If you didn't find something in your breadth-but-not-depth high school studies
that grabbed your interest to the point where you decide that it's worth
pursuing a four-year college commitment to study it in further depth, I
struggle to understand how twelve months in a minimum wage job (a repetitive
daily routine that affords you little if any spending money) would help
clarify a direction.

------
adjkant
This is a good article in my opinion but it just requires context, situational
application, and some reading between the lines.

#1 is certainly true and is good to be aware of. CS doesn't usually see this,
but many physical sciences do see it.

#2 I didn't know _was_ a myth, so I'll be conveniently ignoring that one.
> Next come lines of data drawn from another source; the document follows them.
(* Let $\delta>0$, let $X$ be a geodesic $\delta$--hyperbolic space on which a group $G$ acts by isometries, let $U\subset G$ be finite, let $x_0\in X$ satisfy $\frac1{|U|}\sum_{u\in U}|ux_0-x_0|\leqslant E(U)+\delta$, and let $d$ be either $1$ or $\log_2(2|U|)$. Let $y_0\in S(x_0,1000d\delta)$ and let $B(y_0,100d\delta)$ be the closed ball of radius $100d\delta$ about $y_0$. Then $$\left|\bigcup_{y,z\in B(y_0,100d\delta)\cap S(x_0,1000d\delta)}U_{y,z}\right|\leqslant\frac23|U|.$$
   Context: Distance $|x-y|$; Gromov product $(p,q)_x=\frac12(|p-x|+|q-x|-|p-q|)$; $X$ is $\delta$--hyperbolic if $(p,r)_x\geqslant\min\{(p,q)_x,(q,r)_x\}-\delta$ for all $p,q,r,x$. $E(U):=\inf_{x\in X}\frac1{|U|}\sum_{u\in U}|ux-x|$. $S(x_0,R):=\{x\mid|x-x_0|=R\}$. For $y,z\in S(x_0,1000d\delta)$, $U_{y,z}:=\{u\in U\mid |ux_0-x_0|\geqslant4000d\delta,\ (x_0,ux_0)_y\leqslant d\delta,\ (x_0,u^{-1}x_0)_z\leqslant d\delta\}$. *)

From Stdlib Require Import Reals List ClassicalDescription.
From Coquelicot Require Import Coquelicot.
Open Scope R_scope.

Section Defs.
Context {X : Type} (dist : X -> X -> R).

Definition is_metric : Prop :=
  (forall x y, 0 <= dist x y) /\
  (forall x y, dist x y = 0 <-> x = y) /\
  (forall x y, dist x y = dist y x) /\
  (forall x y z, dist x z <= dist x y + dist y z).

Definition is_geodesic : Prop :=
  forall x y, exists gam : R -> X,
    gam 0 = x /\ gam (dist x y) = y /\
    forall s t, 0 <= s <= dist x y -> 0 <= t <= dist x y ->
      dist (gam s) (gam t) = Rabs (s - t).

Definition gromov (p q x : X) : R :=
  / 2 * (dist p x + dist q x - dist p q).

Definition hyperbolic (delta : R) : Prop :=
  forall p q r x,
    gromov p r x >= Rmin (gromov p q x) (gromov q r x) - delta.

Definition sphere (x0 : X) (rad : R) (x : X) : Prop := dist x x0 = rad.
Definition cball (y0 : X) (rad : R) (y : X) : Prop := dist y y0 <= rad.
End Defs.

Definition is_group {G : Type} (mul : G -> G -> G) (inv : G -> G) (e : G) : Prop :=
  (forall a b c, mul a (mul b c) = mul (mul a b) c) /\
  (forall a, mul e a = a) /\ (forall a, mul a e = a) /\
  (forall a, mul (inv a) a = e) /\ (forall a, mul a (inv a) = e).

Definition isometric_action {G X : Type} (dist : X -> X -> R)
  (mul : G -> G -> G) (e : G) (act : G -> X -> X) : Prop :=
  (forall x, act e x = x) /\
  (forall g h x, act (mul g h) x = act g (act h x)) /\
  (forall g x y, dist (act g x) (act g y) = dist x y).

(** finite subset U of G, represented by a duplicate-free list; |U| = length U *)
Definition card_list {G : Type} (U : list G) : R := INR (length U).

Definition avg_disp {G X : Type} (dist : X -> X -> R) (act : G -> X -> X)
  (U : list G) (x : X) : R :=
  / card_list U * fold_right Rplus 0 (map (fun u => dist (act u x) x) U).

Definition E_U {G X : Type} (dist : X -> X -> R) (act : G -> X -> X)
  (U : list G) : Rbar :=
  Glb_Rbar (fun r => exists x : X, r = avg_disp dist act U x).

Definition count_in {G : Type} (U : list G) (P : G -> Prop) : nat :=
  length (filter (fun u => if excluded_middle_informative (P u) then true else false) U).

Definition in_Uyz {G X : Type} (dist : X -> X -> R) (inv : G -> G)
  (act : G -> X -> X) (U : list G) (x0 : X) (d delta : R) (y z : X) (u : G) : Prop :=
  In u U /\ dist (act u x0) x0 >= 4000 * d * delta /\
  gromov dist x0 (act u x0) y <= d * delta /\
  gromov dist x0 (act (inv u) x0) z <= d * delta.

(* At a point y0 on the sphere S(x0, R), every u moves y0 by at most
   |u x0 - x0| + 2R.  If u lies in some U_{y,z} with y, z on that sphere and
   r-close to y0, then y and u z are "aligned" along the long segment
   [x0, u x0] at the same distance R from its two ends, so hyperbolicity
   makes y and u z almost coincide and u moves y0 by about 4R - 2r less than
   that trivial bound.  Summing over U and comparing with the near-minimality
   of the average displacement at x0 shows that such u form at most a
   fraction (2R + delta) / (4R - 2r - 4 d delta - 2 delta) < 2/3 of U,
   where R = 1000 d delta and r = 100 d delta. *)
From Stdlib Require Import Reals List Lra ClassicalDescription.
From Coquelicot Require Import Coquelicot.
Open Scope R_scope.

Section MetricSpace.
Context {X : Type} {dist : X -> X -> R} {delta : R}.
Hypothesis dist_metric : is_metric dist.

Lemma dist_sym (x y : X) : dist x y = dist y x.
Proof. destruct dist_metric as (_ & _ & Hsym & _); apply Hsym. Qed.

Lemma dist_triangle (x y z : X) : dist x z <= dist x y + dist y z.
Proof. destruct dist_metric as (_ & _ & _ & Htri); apply Htri. Qed.

Hypothesis dist_hyperbolic : hyperbolic dist delta.

(* Both (y, p)_x0 and (p, q)_x0 are at least R - D, the second because
   L >= 2R - D; hyperbolicity transfers this to (y, q)_x0. *)
Lemma dist_le_of_gromov_le (x0 p y q : X) (R L D : R) :
  dist y x0 = R -> dist p q = R -> dist p x0 = L -> 2 * R - D <= L ->
  gromov dist x0 p y <= D -> gromov dist p x0 q <= D ->
  dist y q <= L - 2 * R + 4 * D + 2 * delta.
Proof.
  unfold gromov; intros Hy Hq HL HRL Hgy Hgq.
  assert (Hthin := dist_hyperbolic y p q x0); unfold gromov in Hthin.
  assert (Tq := dist_triangle p q x0).
  rewrite (dist_sym x0 y), (dist_sym x0 p), (dist_sym p y) in Hgy.
  rewrite (dist_sym x0 q) in Hgq.
  assert (Hmin : R - D <= Rmin (/ 2 * (dist y x0 + dist p x0 - dist y p))
                               (/ 2 * (dist p x0 + dist q x0 - dist p q)))
    by (apply Rmin_glb; lra).
  lra.
Qed.

End MetricSpace.

Section IsometricAction.
Context {X G : Type} {dist : X -> X -> R} {delta : R}.
Context {mul : G -> G -> G} {inv : G -> G} {e : G} {act : G -> X -> X}.
Hypothesis dist_metric : is_metric dist.
Hypothesis dist_hyperbolic : hyperbolic dist delta.
Hypothesis G_group : is_group mul inv e.
Hypothesis act_isometric : isometric_action dist mul e act.

Lemma dist_act (g : G) (x y : X) : dist (act g x) (act g y) = dist x y.
Proof. destruct act_isometric as (_ & _ & Hiso); apply Hiso. Qed.

Lemma act_invK (g : G) (x : X) : act g (act (inv g) x) = x.
Proof.
  destruct G_group as (_ & _ & _ & _ & HmulV).
  destruct act_isometric as (Hact1 & HactM & _).
  now rewrite <- HactM, HmulV, Hact1.
Qed.

Lemma gromov_act (g : G) (p q x : X) :
  gromov dist (act g p) (act g q) (act g x) = gromov dist p q x.
Proof. unfold gromov; now rewrite !dist_act. Qed.

Lemma displacement_le (g : G) (x0 y0 : X) :
  dist (act g y0) y0 <= dist (act g x0) x0 + 2 * dist y0 x0.
Proof.
  assert (T1 := dist_triangle dist_metric (act g y0) (act g x0) y0).
  assert (T2 := dist_triangle dist_metric (act g x0) x0 y0).
  rewrite dist_act in T1; rewrite (dist_sym dist_metric x0 y0) in T2; lra.
Qed.

(* Translating the condition on z by g puts g z at distance R from g x0 with
   (g x0, x0)_{g z} small, so [dist_le_of_gromov_le] applies to y and g z. *)
Lemma displacement_le_of_gromov_le (g : G) (x0 y0 y z : X) (R r D : R) :
  dist y x0 = R -> dist z x0 = R -> dist y y0 <= r -> dist z y0 <= r ->
  2 * R - D <= dist (act g x0) x0 ->
  gromov dist x0 (act g x0) y <= D -> gromov dist x0 (act (inv g) x0) z <= D ->
  dist (act g y0) y0 <= dist (act g x0) x0 - 2 * R + 2 * r + 4 * D + 2 * delta.
Proof.
  intros Hy Hz Hyy0 Hzy0 HL Hgy Hgz.
  rewrite <- (gromov_act g), act_invK in Hgz.
  assert (Hgzy : dist (act g x0) (act g z) = R)
    by now rewrite dist_act, (dist_sym dist_metric x0 z).
  assert (Hclose := dist_le_of_gromov_le dist_metric dist_hyperbolic
                      x0 (act g x0) y (act g z) R (dist (act g x0) x0) D
                      Hy Hgzy eq_refl HL Hgy Hgz).
  assert (T1 := dist_triangle dist_metric (act g y0) (act g z) y0).
  assert (T2 := dist_triangle dist_metric (act g z) y y0).
  rewrite dist_act, (dist_sym dist_metric y0 z) in T1.
  rewrite (dist_sym dist_metric (act g z) y) in T2.
  lra.
Qed.

End IsometricAction.

Definition total_disp {G X : Type} (dist : X -> X -> R) (act : G -> X -> X)
  (U : list G) (x : X) : R :=
  fold_right Rplus 0 (map (fun u => dist (act u x) x) U).

Lemma total_disp_le_of_near_inf {G X : Type} (dist : X -> X -> R)
  (act : G -> X -> X) (U : list G) (x0 y : X) (delta : R) :
  0 < card_list U ->
  Rbar_le (avg_disp dist act U x0) (Rbar_plus (E_U dist act U) delta) ->
  total_disp dist act U x0 <= total_disp dist act U y + card_list U * delta.
Proof.
  intros Hn Hx0.
  assert (Hinf := proj1 (Glb_Rbar_correct
                    (fun r => exists x : X, r = avg_disp dist act U x))
                    (avg_disp dist act U y) (ex_intro _ y eq_refl)).
  unfold E_U in Hx0.
  destruct (Glb_Rbar _) as [m | |]; simpl in Hx0, Hinf; try contradiction.
  unfold avg_disp in Hx0, Hinf; fold (total_disp dist act U x0) in Hx0;
    fold (total_disp dist act U y) in Hinf.
  apply (Rmult_le_reg_l (/ card_list U)); [now apply Rinv_0_lt_compat |].
  rewrite Rmult_plus_distr_l, <- Rmult_assoc, Rinv_l by lra.
  lra.
Qed.

Lemma sum_le_sub_count {G : Type} (l : list G) (a b : G -> R) (P : G -> Prop)
  (K c : R) :
  (forall u, In u l -> a u <= b u + K) ->
  (forall u, In u l -> P u -> a u <= b u + K - c) ->
  fold_right Rplus 0 (map a l) <=
  fold_right Rplus 0 (map b l) + K * INR (length l) - c * INR (count_in l P).
Proof.
  unfold count_in; induction l as [|v l IH]; intros Hall HP;
    cbn [map fold_right length filter].
  - simpl; lra.
  - assert (IHl := IH (fun u Hu => Hall u (or_intror Hu))
                      (fun u Hu => HP u (or_intror Hu))).
    assert (Hv := Hall v (or_introl eq_refl)).
    rewrite S_INR.
    destruct (excluded_middle_informative (P v)) as [Pv | _]; cbn [length].
    + assert (HPv := HP v (or_introl eq_refl) Pv); rewrite S_INR; lra.
    + lra.
Qed.

Lemma le_two_thirds (k n K c : R) :
  0 < c -> 0 <= n -> 3 * K <= 2 * c -> c * k <= K * n -> k <= 2 / 3 * n.
Proof. intros Hc Hn HKc Hk; nra. Qed.

Lemma one_le_ln_double_div_ln2 (n : R) : 1 <= n -> 1 <= ln (2 * n) / ln 2.
Proof.
  intros Hn.
  assert (Hln2 : 0 < ln 2) by (rewrite <- ln_1; apply ln_increasing; lra).
  assert (ln 2 <= ln (2 * n)) by (apply ln_le; lra).
  unfold Rdiv; apply (Rmult_le_reg_r (ln 2)); [lra |].
  rewrite Rmult_assoc, Rinv_l; lra.
Qed.

Theorem lemma6p2
  (X : Type) (dist : X -> X -> R) (delta : R)
  (G : Type) (mul : G -> G -> G) (inv : G -> G) (e : G) (act : G -> X -> X)
  (U : list G) (x0 y0 : X) (d : R) :
  0 < delta ->
  is_metric dist -> is_geodesic dist -> hyperbolic dist delta ->
  is_group mul inv e -> isometric_action dist mul e act ->
  NoDup U ->
  Rbar_le (avg_disp dist act U x0) (Rbar_plus (E_U dist act U) delta) ->
  (d = 1 \/ d = ln (2 * card_list U) / ln 2) ->
  sphere dist x0 (1000 * d * delta) y0 ->
  INR (count_in U (fun u => exists y z : X,
         cball dist y0 (100 * d * delta) y /\ sphere dist x0 (1000 * d * delta) y /\
         cball dist y0 (100 * d * delta) z /\ sphere dist x0 (1000 * d * delta) z /\
         in_Uyz dist inv act U x0 d delta y z u))
  <= 2 / 3 * card_list U.
Proof.
  intros Hdelta Hmetric _ Hhyp Hgroup Hact _ Hnear Hd Hy0.
  match goal with |- context [count_in U ?Q] => set (P := Q) end.
  destruct U as [|u0 U'] eqn:HU; [unfold count_in, card_list; simpl; lra |].
  rewrite <- HU in *.
  assert (Hn : 1 <= card_list U)
    by (unfold card_list; rewrite HU; cbn [length]; rewrite S_INR;
        pose proof (pos_INR (length U')); lra).
  assert (Hd1 : 1 <= d)
    by (destruct Hd as [-> | ->]; [lra | now apply one_le_ln_double_div_ln2]).
  set (D := d * delta).
  assert (HD : delta <= D)
    by (unfold D; rewrite <- (Rmult_1_l delta) at 1; apply Rmult_le_compat_r; lra).
  unfold sphere in Hy0.
  replace (1000 * d * delta) with (1000 * D) in Hy0 by (unfold D; ring).
  assert (Hsum : total_disp dist act U y0 <=
      total_disp dist act U x0 + 2 * (1000 * D) * card_list U
      - (3796 * D - 2 * delta) * INR (count_in U P)).
  { apply sum_le_sub_count.
    - intros u _; rewrite <- Hy0.
      now apply (displacement_le (mul := mul) (e := e)).
    - intros u _ (y & z & Hyy0 & Hy & Hzy0 & Hz & _ & HL & Hgy & Hgz).
      unfold cball, sphere in *.
      assert (Hdisp := displacement_le_of_gromov_le Hmetric Hhyp Hgroup Hact
                 u x0 y0 y z (1000 * D) (100 * D) D).
      unfold D in *; lra. }
  assert (Hx0 := total_disp_le_of_near_inf dist act U x0 y0 delta ltac:(lra) Hnear).
  apply (le_two_thirds _ _ (2000 * D + delta) (3796 * D - 2 * delta)); lra.
Qed.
#3 is absolutely true, but as others have mentioned is not very applicable to
individuals who will usually go to the best school they can get into and
afford. However, it's a very useful consideration when it comes to politics,
social considerations, and more.

#4 is absolutely true. You can make a good living with any degree, but you
should always keep the practicality in mind no matter what major you are. You
can't just major in philosophy and expect a job - you need to have a
direction, seek internships in college, etc. That direction often changes and
evolves until one settles into a career that uses those philosophy degree
skills but isn't perhaps what you picture when you think about jobs for
philosophers.

Many have pointed out the flaws in #5 for STEM / Engineering, but for someone
deciding what they want to do within a set of options in the same range, it
often is very true. See a communications major's plentiful varying career
paths and possible compatible social science degrees that can be switched to
easily.

#6 is usually not true, but I think there's a larger point to take away, which
is that you don't need 5 classes in Y and 10 classes in Z to do job X. Often
mixing subjects with your interests and having that classic liberal arts
balance can be very useful. Psychology can be helpful in getting along with
coworkers in any office. Philosophy and ethics could certainly lead to better
corporate ethical action if it was widespread enough. I would revise #6 to be
"don't box your eduction in by your major". That isn't to say you need to
study a full liberal arts curriculum or create your own major either, but
simply to develop other relevant skills or interests you have that can aid
your life and major.

Obviously, this is a charitable reading, but I think there is some good value
hidden here.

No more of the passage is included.